Sezer'e hayranlık ifade eden kesimler, onun daha çok atama ve yasaları veto yetkisini geniş biçimde kullanmasına atıf yapıyor.
Yani daha çok "
fren" yanını ortaya çıkarıyor.
Ancak
Çankaya Köşkü sadece fren işlevi görmekle yetinebilir mi, "gaz" pedalı olma özelliği de yok mudur?
Hafızanızı şöyle bir yoklayın.
Türkiye hangi sıkıntılı dönemden geçerken,
ekonomik kriz yaşarken
cumhurbaşkanı ortaya çıktı ve ulusa güven veren bir konuşma yaptı?
Sezer daha çok varlığıyla yokluğu belli olmayan bir
profil çizdi.
Bu profil de bugünkü iktidarla ilgili değildi.
DSP-MHP-
ANAP koalisyonu döneminde de benzer bir tablo vardı.
Yurtiçinde böyleydi de, yurtdışında farklı mıydı?
Ankara büromuzdan Bülent Aydemir bu sorunun yanıtını aradı.
Sezer cumhurbaşkanı olarak görev yaptığı 7 yıl boyunca yurtdışına sadece 49 kez çıkmış.

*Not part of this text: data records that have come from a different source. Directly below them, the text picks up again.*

Lemma laurent_rep_embL (n : Pxyt) a b k :
  laurent_rep ((embL (monom a b k))^-1 * embL n)
              ((xyK a b)^-1%:P * map_poly (@tofrac Pxy) n) k.
Proof.
split=> [j|]; first by rewrite coefCM coef_map; exists n`_j, a, b; exact: mulrC.
have cLxyV : tofrac ((xyK a b)^-1)%:P = (cL (xyK a b))^-1 := cLV _.
by rewrite embL_monom (rmorphM (@tofrac {poly K})) /= cLxyV invfM mulrAC.
Qed.

Lemma common_denominator (P : {poly K}) : (forall j, inR P`_j) ->
  exists a b (Q : Pxyt), (xyK a b)%:P * P = map_poly (@tofrac Pxy) Q.
Proof.
elim/poly_ind: P => [|P c IHP] RP.
  by exists 0%N, 0%N, 0; rewrite mulr0 rmorph0.
have [a [b [Q EQ]]] : exists a b (Q : Pxyt), (xyK a b)%:P * P = map_poly (@tofrac Pxy) Q.
  by apply: IHP => j; have := RP j.+1; rewrite coefD coefMX coefC addr0.
have [p [a' [b' Ec]]] : inR c by have := RP 0%N; rewrite coefD coefMX coefC add0r.
have Ep : xyK a' b' * c = tofrac p by rewrite Ec mulrC divfK ?xyK_neq0.
exists (a + a')%N, (b + b')%N, (Q * (xyP a' b')%:P * 'X + (xyP a b * p)%:P).
rewrite (rmorphD (map_poly _)) !(rmorphM (map_poly _)) /= map_polyX !map_polyC /=.
rewrite !tofrac_xyP [tofrac (_ * _)]rmorphM /= tofrac_xyP -EQ.
have distr (R : comNzRingType) (u v q x w : R) :
  u * v * (q * x + w) = u * q * v * x + u * (v * w) by ring.
by rewrite -Ep xyK_add polyCM [(xyK a b * _)%:P]polyCM [(xyK a' b' * c)%:P]polyCM distr.
Qed.

Lemma laurent_rep_aug (n : Pxyt) a b k (e : bool) P k' :
  augt n = 'X^k *+ e ->
  laurent_rep ((embL (monom a b k))^-1 * embL n) P k' ->
  exists a' b' (Q : Pxyt),
    (xyK a' b')%:P * P = map_poly (@tofrac Pxy) Q /\ augt Q = 'X^k' *+ e.
Proof.
move=> augn [RP EP]; have [a' [b' [Q EQ]]] := common_denominator RP.
exists a', b', Q; split=> //.
have tLk'_neq0 : tL ^+ k' != 0 by rewrite expf_neq0 // tofrac_eq0 polyX_eq0.
have EnQ : n * monom a' b' k' = Q * monom a b k.
  apply: embL_inj; rewrite (rmorphM embL n) (rmorphM embL Q) /=.
  have -> : embL Q = cL (xyK a' b') * tofrac P by rewrite /embL -EQ rmorphM.
  have -> : embL n = embL (monom a b k) * (tofrac P / tL ^+ k').
    by rewrite -EP mulVKf ?embL_monom_neq0 //; do 3!eexists.
  rewrite !embL_monom.
  have cross (F : fieldType) (u v s s' w : F) : s' != 0 ->
    u * s * (w / s') * (v * s') = v * w * (u * s) by move=> ?; field.
  exact: cross.
have := congr1 augt EnQ; rewrite (rmorphM augt n) (rmorphM augt Q) /= !augt_monom augn => E.
have Xk_neq0 : 'X^k != 0 :> {poly int} by rewrite expf_neq0 ?polyX_eq0.
by apply: (mulIf Xk_neq0); rewrite -E !mulrnAl mulrC.
Qed.

Lemma inSigma_exp_coef P a b (Q : Pxyt) k (e : bool) i :
  (xyK a b)%:P * P = map_poly (@tofrac Pxy) Q -> augt Q = 'X^k *+ e ->
  (0 < i)%N -> inSigma (exp_coef P k i).
Proof.
move=> EQ augQ i_gt0; exists (laurent_coef Q k i), a, b; split.
  have -> : P = (xyK a b)^-1%:P * map_poly (@tofrac Pxy) Q.
    by rewrite -EQ mulrA -polyCM mulVf ?xyK_neq0 ?mul1r.
  by rewrite -[exp_coef _ k i]/(laurent_coef _ k i) laurent_coefCM -rmorph_laurent_coef mulrC.
rewrite (rmorph_laurent_coef aug) -[map_poly aug Q]/(augt Q) augQ.
case: e {augQ}; first by rewrite mulr1n laurent_coef_Xn eqn0Ngt i_gt0.
by rewrite mulr0n /laurent_coef comp_poly0 big1 // => j _; rewrite coef0 mul0r.
Qed.

Theorem lemma5 (f : 'M[L]_2) :
  comm_subgroup Fgrp f ->
  forall (r c : 'I_2),
    (exists (P : {poly K}) (k : nat), laurent_rep (f r c) P k) /\
    (forall (P : {poly K}) (k : nat), laurent_rep (f r c) P k ->
       forall i : nat, (1 <= i)%N -> inSigma (exp_coef P k i)).
Proof.
move=> /comm_subgroup_C_rep [N [D [[Ef [a [b [k ED]]] _] augN]]] r c.
have Efrc : f r c = (embL (monom a b k))^-1 * embL (N r c) by rewrite Ef !mxE ED.
have augNrc : augt (N r c) = 'X^k *+ (r == c).
  by have := congr1 (fun M : 'M_2 => M r c) augN; rewrite !mxE ED augt_monom.
split; first by exists ((xyK a b)^-1%:P * map_poly (@tofrac Pxy) (N r c)), k;
  rewrite Efrc; apply: laurent_rep_embL.
move=> P k' /[1!Efrc] /(laurent_rep_aug augNrc) [a' [b' [Q [EQ augQ]]]].
by move=> i; apply: inSigma_exp_coef EQ augQ.
Qed.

Zorunlu olmadıkça yurtiçinde bile geziye çıkmayan Sezer,
Amerika Birleşik Devletleri'ne sadece bir kez, o da
Birleşmiş Milletler Zirvesi için gitmiş.
Azerbaycan'a beş kez,
Gürcistan ve Bulgaristan'a üçer kez, Almanya'ya ise bir kez ziyarette bulunmuş.
İki kez
Avrupa Birliği Zirvesi'ne katılan
Ahmet Necdet Sezer,
Belçika,
Fransa,
Avusturya gibi ülkelere hiç gitmemiş.
Yani daha çok kendisini Çankaya'ya kapatmış, dünyayla ilişkisini kesmiş.
Ekonomik ilişkilerin hızla küreselleştiği bir dünyada bir devlet başkanının başka ülkeler yokmuş gibi davranması ne kadar sağlıklıdır, tartışılır.
Türkiye bölgede lider rolüne soyunacak,
Avrupa Birliği hedefini ısrarla sürdürecekse, bunu cumhurbaşkanından işadamına kadar genel bir seferberlikle yapacaktır.
Cumhurbaşkanı sadece ülkeler arası ilişkileri geliştirmek için değil, Türk işadamlarının
yabancı ülkelerdeki girişimlerine
destek olmak için de aktif olmak durumundadır.
Cumhurbaşkanlığı tartışmalarına böyle bir bakış açısıyla bakmakta da yarar var diyorum.